Problem to work on — Return each line in the records below that includes "setP".

Data for this task —
Lemma models3_or f g : models3 (FOr f g) = models3 f :|: models3 g.
Proof.
apply/setP => mu; rewrite in_setU; apply/idP/orP; rewrite !in_models3 /=.
- have := evalR_unit f (point3_unit mu); have := evalR_unit g (point3_unit mu).
  by rewrite /Rmax; case: Rle_dec => _ _ _ ->; [right | left].
- have := evalR_unit f (point3_unit mu); have := evalR_unit g (point3_unit mu).
  by move=> ? ? [] ->; real_cases.
Qed.

Lemma models3_and f g : models3 (FAnd f g) = models3 f :&: models3 g.
Proof.
apply/setP => mu; rewrite in_setI; apply/idP/andP; rewrite !in_models3 /=.
- have := evalR_unit f (point3_unit mu); have := evalR_unit g (point3_unit mu).
  by move=> ? ? h; split; move: h; real_cases.
- by case=> -> ->; real_cases.
Qed.

Lemma count_models3_or_and f g :
  (count_models3 (FOr f g) + count_models3 (FAnd f g) =
   count_models3 f + count_models3 g)%nat.
Proof.
by rewrite /count_models3 -!/(models3 _) models3_or models3_and cardsUI.
Qed.

End CountingModels.

Section JoinIrreducibleModels.
Variable n : nat.
Implicit Types (f g h k : form n) (mu : {ffun 'I_n -> 'I_3}).

Lemma fequiv_models3 f g mu : fequiv f g -> mu \in models3 f -> evalR (point3 mu) g = 1.
Proof. by move=> fg; rewrite (models3_equiv fg) in_models3. Qed.

Lemma join_irreducible_idempotent g mu :
  join_irreducible g -> mu \in models3 g -> Defs.idempotent g.
Proof.
move=> [_ g_ji] g_mu.
have g_split : fequiv g (FOr (FConj g g) (FAnd g (FImp g FBot))).
  by move=> A v; exact: nm_split_sq.
case: (g_ji _ _ g_split) => [g_sq A v | g_meet]; first by rewrite -g_sq.
have g1 : evalR (point3 mu) g = 1 by apply/in_models3.
have := fequiv_models3 g_meet g_mu; rewrite /= g1; real_cases.
Qed.

(** For every decomposition [h ⊔ k = ⊤], a join-irreducible [g] equals [g ⊙ h] or [g ⊙ k],
    since [g = (g ⊙ h) ⊔ (g ⊙ k)]. *)
Lemma join_irreducible_split g h k :
  join_irreducible g -> (forall A v, eval A v h ⊔ eval A v k = nm_top A) ->
  {subset models3 g <= models3 h} \/ {subset models3 g <= models3 k}.
Proof.
move=> [_ g_ji] hk.
have split_g : fequiv g (FOr (FConj g h) (FConj g k)).
  by move=> A v /=; exact: nm_conj_split_top.
have sat s mu : fequiv g (FConj g s) -> mu \in models3 g -> mu \in models3 s.
  move=> gs g_mu; have /= := fequiv_models3 gs g_mu.
  move: g_mu; rewrite !in_models3 => ->.
  have := evalR_unit s (point3_unit mu); rewrite /std_conj; real_cases.
by case: (g_ji _ _ split_g) => gs; [left | right] => mu; exact: sat.
Qed.

Lemma separating_pair (i : 'I_n) (a b : 'I_3) : (a < b)%nat ->
  exists h k, [/\ forall A v, eval A v h ⊔ eval A v k = nm_top A,
    forall mu, mu i = a -> mu \notin models3 h &
    forall mu, mu i = b -> mu \notin models3 k].
Proof.
pose t := @FVar n i; pose nt := FImp t FBot.
have nm_ax s : forall A v, eval A v (FImp (FConj s s) FBot) ⊔
    eval A v (FImp (FAnd s s) (FConj s s)) = nm_top A by move=> A v; exact: nm_axiom.
have notin s mu : evalR (point3 mu) s <> 1 -> mu \notin models3 s.
  by move=> s1; apply/negP => /in_models3.
case: a b => [[|[|[|a]]] ha] // [[|[|[|b]]] hb] //= _.
- exists (FImp (FConj nt nt) FBot), (FImp (FAnd nt nt) (FConj nt nt)).
  split=> [|mu mui|mu mui]; [exact: nm_ax | |]; apply: notin;
    rewrite /= /point3 mui /three_val /=; real_cases.
- exists (FImp nt t), (FImp t nt).
  split=> [A v|mu mui|mu mui]; [by rewrite nm_joinC; exact: nm_prelin | |];
    apply: notin; rewrite /= /point3 mui /three_val /=; real_cases.
- exists (FImp (FAnd t t) (FConj t t)), (FImp (FConj t t) FBot).
  split=> [A v|mu mui|mu mui]; [by rewrite nm_joinC; exact: nm_ax | |];
    apply: notin; rewrite /= /point3 mui /three_val /=; real_cases.
Qed.

Lemma join_irreducible_models3_le1 g : join_irreducible g -> (#|models3 g| <= 1)%nat.
Proof.
move=> g_ji; rewrite leqNgt; apply/negP => /card_gt1P [mu1 [mu2 [g_mu1 g_mu2 mu12]]].
have [i mu12i] : exists i, mu1 i != mu2 i.
  apply/existsP; rewrite -negb_forall; apply: contra mu12 => /forallP mu12.
  by apply/eqP/ffunP => i; apply/eqP.
wlog lt12 : mu1 mu2 g_mu1 g_mu2 {mu12} mu12i / (mu1 i < mu2 i)%nat.
{ move=> wlog; case: (ltngtP (mu1 i) (mu2 i)) => [lt12|lt21|/val_inj eq12].
  - exact: (wlog mu1 mu2).
  - by apply: (wlog mu2 mu1); rewrite // eq_sym.
  - by rewrite eq12 eqxx in mu12i. }
have [h [k [hk h_mu1 k_mu2]]] := separating_pair i lt12.
case: (join_irreducible_split g_ji hk) => sub.
- by move: (h_mu1 mu1 erefl); rewrite (sub _ g_mu1).
- by move: (k_mu2 mu2 erefl); rewrite (sub _ g_mu2).
Qed.

End JoinIrreducibleModels.

Section GridMeasure.
Variable n : nat.
Implicit Types (f g : form n) (js : {ffun 'I_n -> 'I_(grid_size n).+1}).
Local Notation D := (grid_size n).

Let D_pos : 0 < INR D. Proof. by apply/lt_0_INR/ltP/grid_size_gt0. Qed.

Lemma grid_point_unit js : unit_point (grid_point js).
Proof.
move=> i; have jsi : (js i <= D)%nat by rewrite -ltnS.
have := pos_INR (js i); have /leP/le_INR := jsi; rewrite /grid_point => h0 h1.
split; first by apply: Rmult_le_pos => //; apply/Rlt_le/Rinv_0_lt_compat.
apply: (Rmult_le_reg_r (INR D)) => //; rewrite /Rdiv Rmult_assoc Rinv_l; lra.
Qed.

Lemma not_fequiv_grid f g : ~ fequiv f g ->
  exists js, evalR (grid_point js) f <> evalR (grid_point js) g.
Proof.
move=> fg; apply: NNPP => no_js; apply: fg; apply: grid_complete => js.
by apply: NNPP => fg_js; apply: no_js; exists js.
Qed.

Lemma evalR_grid js f : exists j : 'I_D.+1, evalR (grid_point js) f = INR j / INR D.
Proof.
have top : exists j : 'I_D.+1, 1 = INR j / INR D by exists ord_max; rewrite /=; field; lra.
have bot : exists j : 'I_D.+1, 0 = INR j / INR D by exists ord0; rewrite /= /Rdiv Rmult_0_l.
have neg (j : 'I_D.+1) : exists j' : 'I_D.+1, 1 - INR j / INR D = INR j' / INR D.
  have jD : (j <= D)%nat by rewrite -ltnS.
  exists (inord (D - j)); rewrite inordK ?ltnS ?leq_subr // minus_INR; last exact/leP.
  field; lra.
elim: f => [i| | |a IHa b IHb|a IHa b IHb|a IHa b IHb|a IHa b IHb] //=;
  try (case: IHa => ja ->; case: IHb => jb ->).
- by exists (js i).
- rewrite /Rmin; case: Rle_dec => ?; [by exists ja | by exists jb].
- rewrite /Rmax; case: Rle_dec => ?; [by exists jb | by exists ja].
- rewrite /std_conj /Rmin; case: Rlt_dec => ? //.
  by case: Rle_dec => ?; [exists ja | exists jb].
- rewrite /std_imp /Rmax; case: Rle_dec => ? //.
  by case: Rle_dec => ?; [exists jb | exact: neg].
Qed.

Definition grid_rank (x : R) : nat :=
  \sum_(j < D.+1) (if Rle_dec (INR j / INR D) x then 1 else 0)%nat.

Definition grid_measure f : nat := \sum_js grid_rank (evalR (grid_point js) f).

Lemma grid_rank_mono x y : x <= y -> (grid_rank x <= grid_rank y)%nat.
Proof.
move=> xy; apply: leq_sum => j _.
by case: Rle_dec => ?; case: Rle_dec => ? //=; exfalso; lra.
Qed.

Lemma grid_measure_lt f g :
  (forall js, evalR (grid_point js) f <= evalR (grid_point js) g) ->
  (exists js, evalR (grid_point js) f <> evalR (grid_point js) g) ->
  (grid_measure f < grid_measure g)%nat.
Proof.
move=> fg [js fg_js]; rewrite /grid_measure.
apply: (@sum_ltn _ _ _ js) => [js'|]; first exact: grid_rank_mono.
have [j gj] := evalR_grid js g.
have := fg js; rewrite gj => fg_j.
apply: (@sum_ltn _ _ _ j) => [j'|];
  by case: Rle_dec => ?; case: Rle_dec => ? //=; exfalso; lra.
Qed.

Lemma grid_measure_join_lt f a b : fequiv f (FOr a b) -> ~ fequiv a f ->
  (grid_measure a < grid_measure f)%nat /\ (grid_measure (FAnd a b) < grid_measure f)%nat.
Proof.
move=> fab af; have [js a_js] := not_fequiv_grid af.
have f_max js' : evalR (grid_point js') f =
    Rmax (evalR (grid_point js') a) (evalR (grid_point js') b).
  exact: std_sound fab (grid_point_unit js').
have a_le js' : evalR (grid_point js') a <= evalR (grid_point js') f.
  by rewrite f_max; exact: Rmax_l.
split; apply: grid_measure_lt.
- exact: a_le.
- by exists js.
- move=> js' /=; have := Rmin_l (evalR (grid_point js') a) (evalR (grid_point js') b).
  by have := a_le js'; lra.
- exists js => /=; have := Rmin_l (evalR (grid_point js) a) (evalR (grid_point js) b).
  by have := a_le js; move: a_js; lra.
Qed.

(** An idempotent value in [[0,1]] is [0] or above [1/2], so it rounds to [0] or [1]. *)
Lemma idempotent_has_model3 g : Defs.idempotent g -> ~ fequiv g FBot ->
  exists mu, mu \in models3 g.
Proof.
move=> g_idem g0; have [js /= gjs] := not_fequiv_grid g0.
have g_unit := evalR_unit g (grid_point_unit js).
have := std_sound g_idem (grid_point_unit js); rewrite /= => g_sq.
exists [ffun i => round3_index (grid_point js i)]; apply/in_models3.
rewrite (evalR_ext _ (_ : _ =1 fun i => round3 (grid_point js i))); last first.
  by move=> i; rewrite /point3 ffunE three_val_round3_index.
rewrite evalR_round3; last exact: grid_point_unit.
by move: g_sq gjs g_unit; rewrite /round3; real_cases.
Qed.

End GridMeasure.

Lemma count_models3_join_irreducible n (g : form n) : join_irreducible g ->
  (Defs.idempotent g -> count_models3 g = 1%nat) /\
  (~ Defs.idempotent g -> count_models3 g = 0%nat).
Proof.
move=> g_ji; have le1 := join_irreducible_models3_le1 g_ji; split=> [g_idem | g_nidem].
- have [mu g_mu] := idempotent_has_model3 g_idem g_ji.1.
  apply/eqP; rewrite eqn_leq le1 /=; apply/card_gt0P; by exists mu.
- apply/eqP; rewrite cards_eq0; apply/eqP/setP => mu; rewrite in_set0.
  by apply/negP => /(join_irreducible_idempotent g_ji).
Qed.

Lemma count_models3_chi_plus n : is_chi_plus (fun f : form n => INR (count_models3 f)).
Proof.
split; [split | split].
- by move=> f g fg; rewrite /count_models3 -!/(models3 _) (models3_equiv fg).
- move=> f g; rewrite -!plus_INR; congr INR; have := count_models3_or_and f g; lia.
- by rewrite /count_models3 -/(models3 _) models3_bot cards0.
- move=> g g_ji; have [c1 c0] := count_models3_join_irreducible g_ji.
  by split=> [/c1 | /c0] ->.
Qed.

Lemma fequiv_sym n (f g : form n) : fequiv f g -> fequiv g f.
Proof. by move=> fg A v; rewrite fg. Qed.

Lemma decompose_join_reducible n (f : form n) : ~ fequiv f FBot -> ~ join_irreducible f ->
  exists a b, [/\ fequiv f (FOr a b), ~ fequiv a f & ~ fequiv b f].
Proof.
move=> f0 f_nji; apply: NNPP => no_ab; apply: f_nji; split=> // a b fab.
apply: NNPP => /Decidable.not_or [fa fb]; apply: no_ab.
by exists a, b; split=> // /fequiv_sym.
Qed.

Solution for this exercise —
apply/setP => mu; rewrite in_setU; apply/idP/orP; rewrite !in_models3 /=.
apply/setP => mu; rewrite in_setI; apply/idP/andP; rewrite !in_models3 /=.
- apply/eqP; rewrite cards_eq0; apply/eqP/setP => mu; rewrite in_set0.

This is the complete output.